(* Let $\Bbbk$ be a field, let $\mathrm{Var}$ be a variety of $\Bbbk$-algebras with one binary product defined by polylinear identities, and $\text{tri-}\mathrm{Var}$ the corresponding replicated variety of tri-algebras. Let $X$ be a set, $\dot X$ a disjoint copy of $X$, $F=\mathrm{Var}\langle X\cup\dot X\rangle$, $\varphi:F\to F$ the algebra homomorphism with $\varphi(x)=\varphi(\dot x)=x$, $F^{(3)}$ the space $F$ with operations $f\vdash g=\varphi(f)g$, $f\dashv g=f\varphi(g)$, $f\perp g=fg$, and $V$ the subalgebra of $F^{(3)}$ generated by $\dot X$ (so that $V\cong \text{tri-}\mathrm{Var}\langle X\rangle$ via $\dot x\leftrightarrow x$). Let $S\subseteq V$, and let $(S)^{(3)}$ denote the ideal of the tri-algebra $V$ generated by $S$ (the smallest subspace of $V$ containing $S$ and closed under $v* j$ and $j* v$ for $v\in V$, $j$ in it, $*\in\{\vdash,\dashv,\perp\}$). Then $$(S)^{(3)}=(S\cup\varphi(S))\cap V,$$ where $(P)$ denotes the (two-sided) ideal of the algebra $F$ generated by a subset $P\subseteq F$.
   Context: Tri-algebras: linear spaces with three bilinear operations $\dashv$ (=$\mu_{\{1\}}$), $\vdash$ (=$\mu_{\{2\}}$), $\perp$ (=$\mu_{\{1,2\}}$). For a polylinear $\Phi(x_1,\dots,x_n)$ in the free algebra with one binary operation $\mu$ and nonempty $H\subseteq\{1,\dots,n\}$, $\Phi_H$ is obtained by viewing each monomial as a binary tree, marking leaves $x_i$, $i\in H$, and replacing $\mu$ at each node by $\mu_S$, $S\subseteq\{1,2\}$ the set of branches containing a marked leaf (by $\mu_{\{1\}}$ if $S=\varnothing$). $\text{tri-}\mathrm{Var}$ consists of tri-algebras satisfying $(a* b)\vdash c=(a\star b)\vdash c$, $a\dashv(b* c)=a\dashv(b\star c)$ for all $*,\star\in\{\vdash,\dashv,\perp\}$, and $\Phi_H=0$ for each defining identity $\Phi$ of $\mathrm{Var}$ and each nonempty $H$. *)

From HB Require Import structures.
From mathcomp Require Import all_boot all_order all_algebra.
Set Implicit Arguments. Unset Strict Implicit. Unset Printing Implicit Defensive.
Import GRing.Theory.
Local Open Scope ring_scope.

» **What to produce**: Write every line of the entries again, word for word.

» **Output of the exercise**:
(* Let $\Bbbk$ be a field, let $\mathrm{Var}$ be a variety of $\Bbbk$-algebras with one binary product defined by polylinear identities, and $\text{tri-}\mathrm{Var}$ the corresponding replicated variety of tri-algebras. Let $X$ be a set, $\dot X$ a disjoint copy of $X$, $F=\mathrm{Var}\langle X\cup\dot X\rangle$, $\varphi:F\to F$ the algebra homomorphism with $\varphi(x)=\varphi(\dot x)=x$, $F^{(3)}$ the space $F$ with operations $f\vdash g=\varphi(f)g$, $f\dashv g=f\varphi(g)$, $f\perp g=fg$, and $V$ the subalgebra of $F^{(3)}$ generated by $\dot X$ (so that $V\cong \text{tri-}\mathrm{Var}\langle X\rangle$ via $\dot x\leftrightarrow x$). Let $S\subseteq V$, and let $(S)^{(3)}$ denote the ideal of the tri-algebra $V$ generated by $S$ (the smallest subspace of $V$ containing $S$ and closed under $v* j$ and $j* v$ for $v\in V$, $j$ in it, $*\in\{\vdash,\dashv,\perp\}$). Then $$(S)^{(3)}=(S\cup\varphi(S))\cap V,$$ where $(P)$ denotes the (two-sided) ideal of the algebra $F$ generated by a subset $P\subseteq F$.
   Context: Tri-algebras: linear spaces with three bilinear operations $\dashv$ (=$\mu_{\{1\}}$), $\vdash$ (=$\mu_{\{2\}}$), $\perp$ (=$\mu_{\{1,2\}}$). For a polylinear $\Phi(x_1,\dots,x_n)$ in the free algebra with one binary operation $\mu$ and nonempty $H\subseteq\{1,\dots,n\}$, $\Phi_H$ is obtained by viewing each monomial as a binary tree, marking leaves $x_i$, $i\in H$, and replacing $\mu$ at each node by $\mu_S$, $S\subseteq\{1,2\}$ the set of branches containing a marked leaf (by $\mu_{\{1\}}$ if $S=\varnothing$). $\text{tri-}\mathrm{Var}$ consists of tri-algebras satisfying $(a* b)\vdash c=(a\star b)\vdash c$, $a\dashv(b* c)=a\dashv(b\star c)$ for all $*,\star\in\{\vdash,\dashv,\perp\}$, and $\Phi_H=0$ for each defining identity $\Phi$ of $\mathrm{Var}$ and each nonempty $H$. *)

From HB Require Import structures.
From mathcomp Require Import all_boot all_order all_algebra.
Set Implicit Arguments. Unset Strict Implicit. Unset Printing Implicit Defensive.
Import GRing.Theory.
Local Open Scope ring_scope.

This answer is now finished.